Our data indicate that HSV reactivation (including HSV-1 but predominantly HSV-2 in these patients) markedly influences HIV plasma viremia. Suppression of HSV with acyclovir was associated with a reduction in plasma HIV RNA. Because 40% of HSV shedding was subclinical and acyclovir was even more effective in reducing HSV shedding than in reducing lesions, our results suggest that subclinical as well as clinical HSV reactivation influences plasma HIV RNA. Of note, 10 Study 2 patients experienced subclinical shedding before and after the period when acyclovir was given, but only 3 showed shedding during suppression. The reduction in median plasma HIV-1 RNA load was >5000 copies/mL. Although our study was not designed to define the duration in which acyclovir could reduce plasma HIV-1 RNA levels, if one extrapolates the level of HIV-1 RNA suppression over time, it approaches those that are associated with a measurable survival benefit [42] and would account for the reduced hazard ratio for acyclovir seen in meta-analyses [21]. Our data thus provide some biological understanding beyond the clinical studies indicating a survival benefit on acyclovir among patients on monotherapy and double combination therapy [1721].
Daily acyclovir therapy has not been embraced by most HIV care providers and has not been recommended by the recent Centers for Disease Control and Prevention Guidelines [43], which do not even recommend serologic testing for HSV-2 among HIV positive persons. Our data indicate this inattention to HSV-2 reactivation should be reevaluated.
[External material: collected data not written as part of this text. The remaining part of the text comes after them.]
Lemma ready_tower (s : st) p :
  ready m.+1 p (big_disks (cfg s)) (cfg s ord0) -> tower_on (cfg (play s ord0 p)) p.
Proof.
case=> H _ i; have [i0|i0] := posnP i.
  by rewrite (_ : i = ord0) ?play0_at0 //; exact: val_inj.
by rewrite play0E //; apply: H; rewrite i0 /= -ltnS.
Qed.

Lemma anh_finishes (s : st) p : anh_to_move s ->
  ready m.+1 p (big_disks (cfg s)) (cfg s ord0) -> game_over ec (play s ord0 p) ->
  mover_wins ec s.
Proof.
move=> [Hl Hgo] [_ /eqP vp] Hov; apply: (MoverWins (s' := play s ord0 p)); last by left.
by apply: game_move_play => //; apply: hanoi_move0; apply/eqP => E; apply: vp.
Qed.

Section Gathering.
Variables (p : 'I_3) (inv : st -> Prop).
Hypothesis inv_move : forall s s', game_move ec s s' -> inv s -> inv s'.
Hypothesis win_when_ready : forall s, anh_to_move s -> inv s ->
  ready m.+1 p (big_disks (cfg s)) (cfg s ord0) -> mover_wins ec s.

Lemma win_within N s : anh_to_move s -> inv s ->
  potential_le m.+1 p (big_disks (cfg s)) (cfg s ord0) N -> mover_wins ec s.
Proof.
elim: N s => [|N IH] s Hok Hinv Hpot; first by case: (potential_le0 Hpot).
case: (classic (ready m.+1 p (big_disks (cfg s)) (cfg s ord0))) => Hr.
  exact: win_when_ready.
have [w [j [q [wv Hav Hnext]]]] := potential_round (ltn0Sn m) Hpot Hr.
apply: (anh_round Hok wv Hav) => s'' Hmv' Hmv'' Eb E0 Hok''.
have Hinv'' : inv s'' by apply: (inv_move Hmv''); apply: (inv_move Hmv').
by case: Hnext; rewrite -Eb -E0 => Hnext; [apply: win_when_ready | apply: IH].
Qed.

Lemma win_by_gathering s : anh_to_move s -> inv s -> mover_wins ec s.
Proof.
have [N HN] := potential_le_exists m.+1 p (big_disks (cfg s)) (cfg s ord0).
by move=> Hok Hinv; apply: (win_within Hok Hinv HN).
Qed.

End Gathering.

Definition largest_moved_or_off (p : 'I_3) (s : st) := movedL s || (cfg s ord_max != p).

Lemma largest_moved_or_off_move p s s' : game_move ec s s' ->
  largest_moved_or_off p s -> largest_moved_or_off p s'.
Proof.
move=> /game_moveP [d [q [_ _ ->]]]; rewrite /largest_moved_or_off /= ffunE.
case/orP => [->//|Hn]; have [<-|Nd] := eqVneq ord_max d; first by rewrite eqxx orbT.
by rewrite Hn !orbT.
Qed.

Lemma anh_wins (s : st) : anh_to_move s -> mover_wins ec s.
Proof.
have [P HP] := final_peg_exists n ec.
have final (s1 : st) : anh_to_move s1 -> largest_moved_or_off P s1 -> mover_wins ec s1.
  apply: (win_by_gathering (p := P) (inv := largest_moved_or_off P)).
    exact: largest_moved_or_off_move.
  move=> s2 Hok HL Hr; apply: (anh_finishes Hok Hr); apply: HP.
  - exact: ready_tower.
  - by move: HL; rewrite /largest_moved_or_off (ready_largest Hr) eqxx orbF /= => ->.
  - by rewrite /= orbT.
move=> Hok; apply: (win_by_gathering (p := another_peg P) (inv := fun=> True)) => // s1 Hok1 _ Hr.
by apply: final; rewrite // /largest_moved_or_off (ready_largest Hr) another_peg_neq orbT.
Qed.

End Game.

Lemma single_disk_wins ec (s : state 1) : valid_ending 1 ec -> ~ game_over ec s ->
  last_disk s <> Some ord0 -> mover_wins ec s.
Proof.
move=> Hv Hgo Hl.
have tower1 T : tower_on (cfg (play s ord0 T)) T by move=> i; rewrite ffunE (ord1 i) eqxx.
suff [T [HT Hov]] : exists T, T != cfg s ord0 /\ game_over ec (play s ord0 T).
  apply: (MoverWins (s' := play s ord0 T)); last by left.
  by apply: game_move_play => //; exact: hanoi_move0.
set T := another_peg (cfg s ord0); have HT : T != cfg s ord0 by exact: another_peg_neq.
case: ec Hv Hgo => [f||||] //= Hv Hgo.
- exists f; split; last exact: tower1.
  by apply/eqP => E; apply: Hgo => i; rewrite (ord1 i) E.
- by exists T; split=> //; split; [exists T; exact: tower1 | rewrite orbT].
- by exists T; split=> //; split; [exists T; exact: tower1 | rewrite orbT].
Qed.

Lemma initial_not_over n ec : 0 < n -> valid_ending n ec -> ~ game_over ec (initial_state n).
Proof.
move=> n0; case: ec => [f||||] Hv /=; try by case.
by move=> T; apply: Hv; have := T (Ordinal n0); rewrite ffunE.
Qed.

Theorem corollary2 (n : nat) (ec : ending) :
  0 < n -> valid_ending n ec ->
  mover_wins ec (initial_state n) /\
  (forall s : state n,
     ~ game_over ec s ->
     (forall d : 'I_n, last_disk s = Some d -> nat_of_ord d <> 0) ->
     mover_wins ec s).
Proof.
move=> n0 Hv.
suff Hwin : forall s : state n, ~ game_over ec s ->
    (forall d : 'I_n, last_disk s = Some d -> nat_of_ord d <> 0) -> mover_wins ec s.
  by split=> //; apply: Hwin; [exact: initial_not_over | by []].
case: n n0 Hv => [//|[|m]] _ Hv s Hgo Hl.
- by apply: single_disk_wins => // /Hl.
- by apply: anh_wins; split=> // /Hl.
Qed.
(* For every $\delta>0$, the function $\alpha\mapsto L(\alpha;\delta)$ is strictly decreasing on $(0,1)$.
   Context: For $s\ge0$ let $\phi_1(s)=\int_0^{\pi/2}\frac{\sin^2\theta}{(\sin^2\theta+s^2)^{1/2}}d\theta$ (strictly decreasing, $\phi_1(0)=1$, $\phi_1(s)\to0$ as $s\to\infty$, with inverse $\phi_1^{-1}:(0,1]\to[0,\infty)$) and $\phi_2(s)=\int_0^{\pi/2}\frac{2\sin^2\theta+s^2}{(\sin^2\theta+s^2)^{1/2}}d\theta$. For $\alpha\in(0,1)$ and $\delta>0$ define $L(\alpha;\delta)=\frac4\delta\Big(1-\frac{\phi_2^2(\phi_1^{-1}(\alpha))}{4[1+(\phi_1^{-1}(\alpha))^2]}\Big)$. *)

From Stdlib Require Import Reals Lra ClassicalEpsilon.
Open Scope R_scope.

(* Riemann integral of f over [a,b] (0 if f is not Riemann integrable there);
   RiemannInt does not depend on the integrability proof (RiemannInt_P5). *)
Definition Rint (f : R -> R) (a b : R) : R :=
  epsilon (inhabits 0)
    (fun I => exists pr : Riemann_integrable f a b, RiemannInt pr = I).

Definition phi1 (s : R) : R :=
  Rint (fun t => (sin t)^2 / sqrt ((sin t)^2 + s^2)) 0 (PI/2).

Definition phi2 (s : R) : R :=
  Rint (fun t => (2 * (sin t)^2 + s^2) / sqrt ((sin t)^2 + s^2)) 0 (PI/2).

(* phi_1^{-1} : (0,1] -> [0,oo): the s >= 0 with phi1 s = alpha
   (unique since phi1 is strictly decreasing on [0,oo)). *)
Definition phi1_inv (alpha : R) : R :=
  epsilon (inhabits 0) (fun s => 0 <= s /\ phi1 s = alpha).

Definition L (alpha delta : R) : R :=
  let s := phi1_inv alpha in
  4 / delta * (1 - (phi2 s)^2 / (4 * (1 + s^2))).

From Stdlib Require Import Reals Lra ClassicalEpsilon.
From Coquelicot Require Import Coquelicot.
Open Scope R_scope.

(* With s = phi1^-1(alpha) and Q(s) = phi2(s)^2 / (1 + s^2) we have
   L(alpha; delta) = (4 - Q(s)) / delta, and phi1 is a decreasing bijection from
   (0, oo) onto (0, 1); so it suffices that Q is strictly decreasing on (0, oo).
   Write r = sqrt(sin^2 t + s^2). Differentiating under the integral sign,
   phi2'(s) = int s^3 / r^3, and (1 + s^2) s^3 / r^3 - s r is the t-derivative of
   s sin t cos t / r, which vanishes at both ends of [0, pi/2]; hence
   (1 + s^2) phi2'(s) = s int r. Since also phi2 = int r + phi1, the int r terms
   cancel in Q' and Q'(s) = -2 s phi1(s) phi2(s) / (1 + s^2)^2 < 0. *)

Lemma Rint_RInt (f : R -> R) (a b : R) : ex_RInt f a b -> Rint f a b = RInt f a b.
Proof.
  intros Hf. unfold Rint.
  assert (Hex : exists I, exists pr : Riemann_integrable f a b, RiemannInt pr = I).
  { exists (RiemannInt (ex_RInt_Reals_0 _ _ _ Hf)). eexists; reflexivity. }
  destruct (epsilon_spec (inhabits 0) _ Hex) as [pr <-].
  symmetry. apply RInt_Reals.
Qed.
Frequent HSV reactivation influences HIV-1 plasma RNA levels, and our data indicate this occurs with sufficient regularity to quantitatively affect plasma HIV-1 levels in vivo. One intriguing aspect of our data is that they may provide an explanation for the fluctuations that people have recorded in HIV-1 RNA levels on and off therapy [42, 44]. These "blips" may not be measurement errors in the plasma HIV-1 RNA assays, but may be related to true in vivo "microblasts" of HIV-1 replication associated with HSV reactivation. As HSV shedding rates are higher in persons with low CD4 T cell counts, the addition of acyclovir to "salvage therapy" should be studied.
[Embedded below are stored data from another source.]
(* For all real $x\ge4$, $H(x)<\dfrac{2\log(x)}{1+\frac{6}{\pi^2x}}$.
   Context: $H(x)=\int_0^1\frac{t^x-1}{t-1}\,dt$ for real $x\ge1$; it satisfies $H(n)=1+\frac12+\cdots+\frac1n$ for $n\in\mathbb{N}$ and $H(x)=\psi(x+1)+\gamma$ with $\psi=\Gamma'/\Gamma$ the digamma function. *)

From Stdlib Require Import Reals.
From Coquelicot Require Import Coquelicot.
Open Scope R_scope.

(* Values at the endpoints t = 0, t = 1 are irrelevant for the Riemann
   integral (removable singularity at t = 1, bounded integrand). *)
Definition H_integrand (x t : R) : R := (Rpower t x - 1) / (t - 1).

Definition H (x : R) : R := RInt (H_integrand x) 0 1.

(** Split the integral at [a = 1 - 1/x].  On [[0, a]] the numerator [1 - t^x]
    is at most [1], so the integrand is at most [1/(1 - t)], whose integral is
    [ln x].  On [[a, 1]] Bernoulli's inequality [1 - t^x <= x (1 - t)] bounds
    the integrand by [x], on an interval of length [1/x].  Hence
    [H x <= ln x + 1], and [(ln x + 1) (1 + 6/(pi^2 x)) < 2 ln x] for [x >= 4]
    because [6/(4 pi^2) < 0.16] and [ln 4 > 1.37]. *)

From Stdlib Require Import Reals Lra ZArith.
From Coquelicot Require Import Coquelicot.
Open Scope R_scope.

Lemma ln_le_sub1 y : 0 < y -> ln y <= y - 1.
Proof.
intros Hy; pose proof (exp_ineq1_le (ln y)) as E.
rewrite exp_ln in E; lra.
Qed.

Lemma Rpower_base_1 y : Rpower 1 y = 1.
Proof. unfold Rpower; rewrite ln_1, Rmult_0_r; apply exp_0. Qed.

(** Weighted AM-GM with weights [p] and [1 - p], from concavity of [ln]. *)
Lemma Rpower_weighted_AM_GM u p :
  0 < u -> 0 < p <= 1 -> Rpower u p <= p * u + (1 - p).
Proof.
intros Hu Hp.
set (m := p * u + (1 - p)).
assert (Hm : 0 < m) by (unfold m; nra).
pose proof (ln_le_sub1 (u / m) ltac:(apply Rdiv_lt_0_compat; lra)) as H1.
pose proof (ln_le_sub1 (/ m) ltac:(apply Rinv_0_lt_compat; lra)) as H2.
rewrite ln_div in H1 by lra; rewrite ln_Rinv in H2 by lra.
assert (Hmean : p * (u / m - 1) + (1 - p) * (/ m - 1) = 0)
  by (field_simplify_eq; [unfold m; ring | lra]).
assert (Hexp : p * ln u <= ln m).
{ pose proof (Rmult_le_compat_l p _ _ ltac:(lra) H1).
  pose proof (Rmult_le_compat_l (1 - p) _ _ ltac:(lra) H2).
  lra. }
rewrite <- (exp_ln m) by exact Hm; unfold Rpower.
destruct (Rle_lt_or_eq_dec _ _ Hexp) as [Hlt | ->].
- left; apply exp_increasing, Hlt.
- right; reflexivity.
Qed.

Lemma Rpower_Bernoulli t x : 0 < t -> 1 <= x -> 1 + x * (t - 1) <= Rpower t x.
Proof.
intros Ht Hx.
assert (Hu : 0 < Rpower t x) by apply exp_pos.
assert (Hp : 0 < / x <= 1).
{ split; [apply Rinv_0_lt_compat; lra|].
  rewrite <- Rinv_1; apply Rinv_le_contravar; lra. }
pose proof (Rpower_weighted_AM_GM (Rpower t x) (/ x) Hu Hp) as Hmean.
rewrite Rpower_mult, Rinv_r, Rpower_1 in Hmean by lra.
apply (Rmult_le_compat_l x) in Hmean; [|lra].
replace (x * (/ x * Rpower t x + (1 - / x))) with (Rpower t x + x - 1) in Hmean
  by (field; lra).
lra.
Qed.

Lemma Rpower_le_base t x : 0 < t < 1 -> 1 <= x -> Rpower t x <= t.
Proof.
intros Ht Hx.
assert (Hlnt : ln t < 0) by (rewrite <- ln_1; apply ln_increasing; lra).
unfold Rpower; rewrite <- (exp_ln t) at 2 by lra.
destruct (Rle_lt_or_eq_dec _ _ Hx) as [Hlt | <-].
- left; apply exp_increasing; nra.
- rewrite Rmult_1_l; lra.
Qed.

Lemma continuous_of_eps_delta (f : R -> R) z :
  (forall eps, 0 < eps -> exists d, 0 < d /\
     forall y, Rabs (y - z) < d -> Rabs (f y - f z) < eps) ->
  continuous f z.
Proof.
intros H; apply filterlim_locally; intros eps.
destruct (H eps (cond_pos eps)) as [d [Hd Hy]].
exists (mkposreal d Hd); intros y Hb; apply Hy, Hb.
Qed.

Section Integrand.

Variable x : R.
Hypothesis Hx : 1 <= x.

Lemma H_integrand_flip t : t <> 1 ->
  H_integrand x t = (1 - Rpower t x) / (1 - t).
Proof. intros Ht; unfold H_integrand; field; lra. Qed.

Lemma H_integrand_le_inv t : 0 < t < 1 -> H_integrand x t <= / (1 - t).
Proof.
intros Ht; rewrite H_integrand_flip by lra.
assert (Hpos : 0 < Rpower t x) by apply exp_pos.
rewrite <- (Rmult_1_l (/ (1 - t))); unfold Rdiv.
apply Rmult_le_compat_r; [left; apply Rinv_0_lt_compat|]; lra.
Qed.

Lemma H_integrand_le_exponent t : 0 < t < 1 -> H_integrand x t <= x.
Proof.
intros Ht; rewrite H_integrand_flip by lra.
pose proof (Rpower_Bernoulli t x ltac:(lra) Hx).
apply (Rmult_le_reg_r (1 - t)); [lra|].
unfold Rdiv; rewrite Rmult_assoc, Rinv_l by lra; lra.
Qed.

Lemma H_integrand_sub1_bounds t : 0 < t < 1 ->
  0 <= H_integrand x t - 1 <= t / (1 - t).
Proof.
intros Ht.
assert (Hpos : 0 < Rpower t x) by apply exp_pos.
pose proof (Rpower_le_base t x Ht Hx).
replace (H_integrand x t - 1) with ((t - Rpower t x) / (1 - t))
  by (unfold H_integrand; field; lra).
split; [apply Rdiv_le_0_compat; lra|].
unfold Rdiv; apply Rmult_le_compat_r; [left; apply Rinv_0_lt_compat|]; lra.
Qed.

(** The integrand extended continuously to [[0, 1]]: the limits at [0] and
    [1] are [1] and the derivative [x] of [t^x] at [1]. *)
Definition H_integrand_ext t :=
  if Rle_dec t 0 then 1 else if Rle_dec 1 t then x else H_integrand x t.

Lemma H_integrand_ext_eq t : 0 < t < 1 -> H_integrand_ext t = H_integrand x t.
Proof.
intros Ht; unfold H_integrand_ext.
destruct (Rle_dec t 0); [lra|]; destruct (Rle_dec 1 t); [lra|]; reflexivity.
Qed.

Lemma H_integrand_ext_continuous_interior z : 0 < z < 1 ->
  continuous H_integrand_ext z.
Proof.
intros Hz.
apply (continuous_ext_loc _ (fun t => (exp (x * ln t) - 1) / (t - 1))).
- assert (Hd : 0 < Rmin z (1 - z)) by (apply Rmin_glb_lt; lra).
  exists (mkposreal _ Hd); intros y Hy.
  change (Rabs (y - z) < Rmin z (1 - z)) in Hy; apply Rabs_def2 in Hy.
  pose proof (Rmin_l z (1 - z)); pose proof (Rmin_r z (1 - z)).
  rewrite H_integrand_ext_eq by lra; reflexivity.
- apply (ex_derive_continuous (fun t => (exp (x * ln t) - 1) / (t - 1))).
  auto_derive; lra.
Qed.

Lemma H_integrand_ext_continuous_0 : continuous H_integrand_ext 0.
Proof.
apply continuous_of_eps_delta; intros eps Heps.
exists (Rmin (eps / 2) (1 / 2)); split; [apply Rmin_glb_lt; lra|].
intros y Hy; rewrite Rminus_0_r in Hy; apply Rabs_def2 in Hy.
pose proof (Rmin_l (eps / 2) (1 / 2)); pose proof (Rmin_r (eps / 2) (1 / 2)).
unfold H_integrand_ext at 2; destruct (Rle_dec 0 0); [|lra].
destruct (Rle_dec y 0) as [Hy0 | Hy0].
- unfold H_integrand_ext; destruct (Rle_dec y 0); [|lra].
  rewrite Rminus_diag, Rabs_R0; lra.
- rewrite H_integrand_ext_eq by lra.
  destruct (H_integrand_sub1_bounds y ltac:(lra)) as [Hlo Hhi].
  rewrite Rabs_pos_eq by lra.
  apply Rle_lt_trans with (y / (1 - y)); [exact Hhi|].
  apply (Rmult_lt_reg_r (1 - y)); [lra|].
  unfold Rdiv; rewrite Rmult_assoc, Rinv_l by lra; nra.
Qed.

Lemma H_integrand_ext_continuous_1 : continuous H_integrand_ext 1.
Proof.
apply continuous_of_eps_delta; intros eps Heps.
destruct (derivable_pt_lim_power 1 x ltac:(lra) eps Heps) as [del Hdel].
exists (Rmin del (1 / 2)); split; [apply Rmin_glb_lt; [apply cond_pos | lra]|].
intros y Hy; apply Rabs_def2 in Hy.
pose proof (Rmin_l del (1 / 2)); pose proof (Rmin_r del (1 / 2)).
unfold H_integrand_ext at 2; destruct (Rle_dec 1 0); [lra|].
destruct (Rle_dec 1 1); [|lra].
destruct (Rle_dec 1 y) as [Hy1 | Hy1].
- unfold H_integrand_ext; destruct (Rle_dec y 0); [lra|].
  destruct (Rle_dec 1 y); [|lra].
  rewrite Rminus_diag, Rabs_R0; lra.
- rewrite H_integrand_ext_eq by lra.
  specialize (Hdel (y - 1) ltac:(lra) ltac:(apply Rabs_def1; lra)).
  replace (1 + (y - 1)) with y in Hdel by ring.
  rewrite !Rpower_base_1, Rmult_1_r in Hdel.
  exact Hdel.
Qed.

Lemma ex_RInt_H_integrand : ex_RInt (H_integrand x) 0 1.
Proof.
apply (ex_RInt_ext H_integrand_ext).
- intros t Ht; rewrite Rmin_left, Rmax_right in Ht by lra.
  apply H_integrand_ext_eq, Ht.
- apply (ex_RInt_continuous (V := R_CompleteNormedModule)); intros z Hz.
  rewrite Rmin_left, Rmax_right in Hz by lra.
  destruct (Rle_lt_or_eq_dec _ _ (proj1 Hz)) as [Hz0 | <-];
    [destruct (Rle_lt_or_eq_dec _ _ (proj2 Hz)) as [Hz1 | ->]|].
  + apply H_integrand_ext_continuous_interior; lra.
  + apply H_integrand_ext_continuous_1.
  + apply H_integrand_ext_continuous_0.
Qed.

End Integrand.

Lemma is_RInt_inv_one_sub a : a < 1 ->
  is_RInt (fun t => / (1 - t)) 0 a (- ln (1 - a)).
Proof.
intros Ha.
replace (- ln (1 - a)) with
  (minus ((fun t => - ln (1 - t)) a) ((fun t => - ln (1 - t)) 0))
  by (unfold minus, plus, opp; simpl; rewrite Rminus_0_r, ln_1; ring).
apply (is_RInt_derive (fun t => - ln (1 - t))); intros t Ht;
  assert (t < 1) by (pose proof (Rmax_lub_lt 0 a 1 ltac:(lra) Ha); lra).
- auto_derive; [lra | field; lra].
- apply (ex_derive_continuous (fun t => / (1 - t))); auto_derive; lra.
Qed.

Lemma H_le_ln_add1 x : 1 <= x -> H x <= ln x + 1.
Proof.
intros Hx; set (a := 1 - / x).
assert (Hinv : 0 < / x <= 1).
{ split; [apply Rinv_0_lt_compat; lra|].
  rewrite <- Rinv_1; apply Rinv_le_contravar; lra. }
assert (Ha : 0 <= a < 1) by (unfold a; lra).
pose proof (ex_RInt_H_integrand x Hx) as Hex.
pose proof (ex_RInt_Chasles_1 _ 0 a 1 ltac:(lra) Hex) as Hex1.
pose proof (ex_RInt_Chasles_2 _ 0 a 1 ltac:(lra) Hex) as Hex2.
unfold H; rewrite <- (RInt_Chasles _ 0 a 1 Hex1 Hex2).
assert (Hleft : RInt (H_integrand x) 0 a <= ln x).
{ pose proof (is_RInt_inv_one_sub a ltac:(lra)) as HI.
  replace (ln x) with (- ln (1 - a))
    by (unfold a; replace (1 - (1 - / x)) with (/ x) by ring;
        rewrite ln_Rinv by lra; ring).
  rewrite <- (is_RInt_unique _ _ _ _ HI).
  apply RInt_le; [lra | exact Hex1 | eexists; exact HI |].
  intros t Ht; apply H_integrand_le_inv; lra. }
assert (Hright : RInt (H_integrand x) a 1 <= 1).
{ apply Rle_trans with (RInt (fun _ => x) a 1).
  - apply RInt_le; [lra | exact Hex2 | apply ex_RInt_const |].
    intros t Ht; apply H_integrand_le_exponent; lra.
  - rewrite RInt_const; unfold scal; simpl; unfold mult; simpl.
    unfold a; right; field; lra. }
unfold plus; simpl; lra.
Qed.

Lemma PI_gt_313 : 313 / 100 < PI.
Proof.
destruct (PI_2_3_7_ineq 0) as [H _].
simpl in H; unfold tg_alt, PI_2_3_7_tg, Ratan_seq in H; simpl in H; lra.
Qed.

Lemma exp_le_inv_one_sub z : z < 1 -> exp z <= / (1 - z).
Proof.
intros Hz; pose proof (exp_ineq1_le (- z)).
rewrite <- (Rinv_inv (exp z)); apply Rinv_le_contravar; [lra|].
rewrite <- exp_Ropp; lra.
Qed.

Lemma exp_mult_INR n z : exp (INR n * z) = exp z ^ n.
Proof.
induction n as [|n IH]; [simpl; rewrite Rmult_0_l; apply exp_0|].
rewrite S_INR, Rmult_plus_distr_r, Rmult_1_l, exp_plus, IH; simpl; ring.
Qed.

(** [exp (1.37) = exp (1.37/128)^128 <= (12800/12663)^128 < 4]. *)
Lemma ln4_gt_137 : 137 / 100 < ln 4.
Proof.
rewrite <- (ln_exp (137 / 100)); apply ln_increasing; [apply exp_pos|].
replace (137 / 100) with (INR 128 * (137 / 12800)) by (simpl; field).
rewrite exp_mult_INR.
apply Rle_lt_trans with ((/ (1 - 137 / 12800)) ^ 128).
{ apply pow_incr; split; [left; apply exp_pos | apply exp_le_inv_one_sub; lra]. }
replace (/ (1 - 137 / 12800)) with (IZR 12800 / IZR 12663) by (field; lra).
unfold Rdiv; rewrite Rpow_mult_distr, pow_inv, !pow_IZR.
apply (Rmult_lt_reg_r (IZR (12663 ^ Z.of_nat 128))); [apply IZR_lt; reflexivity|].
rewrite Rmult_assoc, Rinv_l by (apply not_0_IZR; vm_compute; discriminate).
rewrite Rmult_1_r, <- mult_IZR; apply IZR_lt; vm_compute; reflexivity.
Qed.

Theorem mainTheorem13 (x : R) (hx : 4 <= x) :
  H x < 2 * ln x / (1 + 6 / (PI ^ 2 * x)).
Proof.
pose proof (H_le_ln_add1 x ltac:(lra)) as HH.
pose proof PI_gt_313; pose proof ln4_gt_137.
assert (Hln : ln 4 <= ln x) by (apply ln_le; lra).
set (c := 6 / (PI ^ 2 * x)).
assert (Hpi : 9.7969 * 4 <= PI ^ 2 * x) by (simpl; nra).
assert (Hc0 : 0 < c) by (apply Rdiv_lt_0_compat; lra).
assert (Hc : c <= 6 / (9.7969 * 4))
  by (apply Rmult_le_compat_l; [lra | apply Rinv_le_contravar; lra]).
apply Rle_lt_trans with (ln x + 1); [exact HH|].
apply (Rmult_lt_reg_r (1 + c)); [lra|].
unfold Rdiv; rewrite Rmult_assoc, Rinv_l, Rmult_1_r by lra.
nra.
Qed.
In summary, our data have several clinical implications for the management of HIV-infected persons. Because HSV-2 reactivation, especially frequent reactivation, influences HIV replication, testing for HSV specific antibodies should be considered for HIV-infected persons, even if they do not report a history of HSV infection. Second, defining the frequency of HSV reactivation, especially among those who are not on effective antiretroviral therapy and those who have low CD4 T cell counts, appears to be warranted. Further studies in women, patients shedding predominantly HSV-1, and those receiving HAART appear warranted to evaluate the role HSV plays in plasma HIV RNA load elevation or HIV-1 transmission, and whether acyclovir suppression offers benefit to such persons.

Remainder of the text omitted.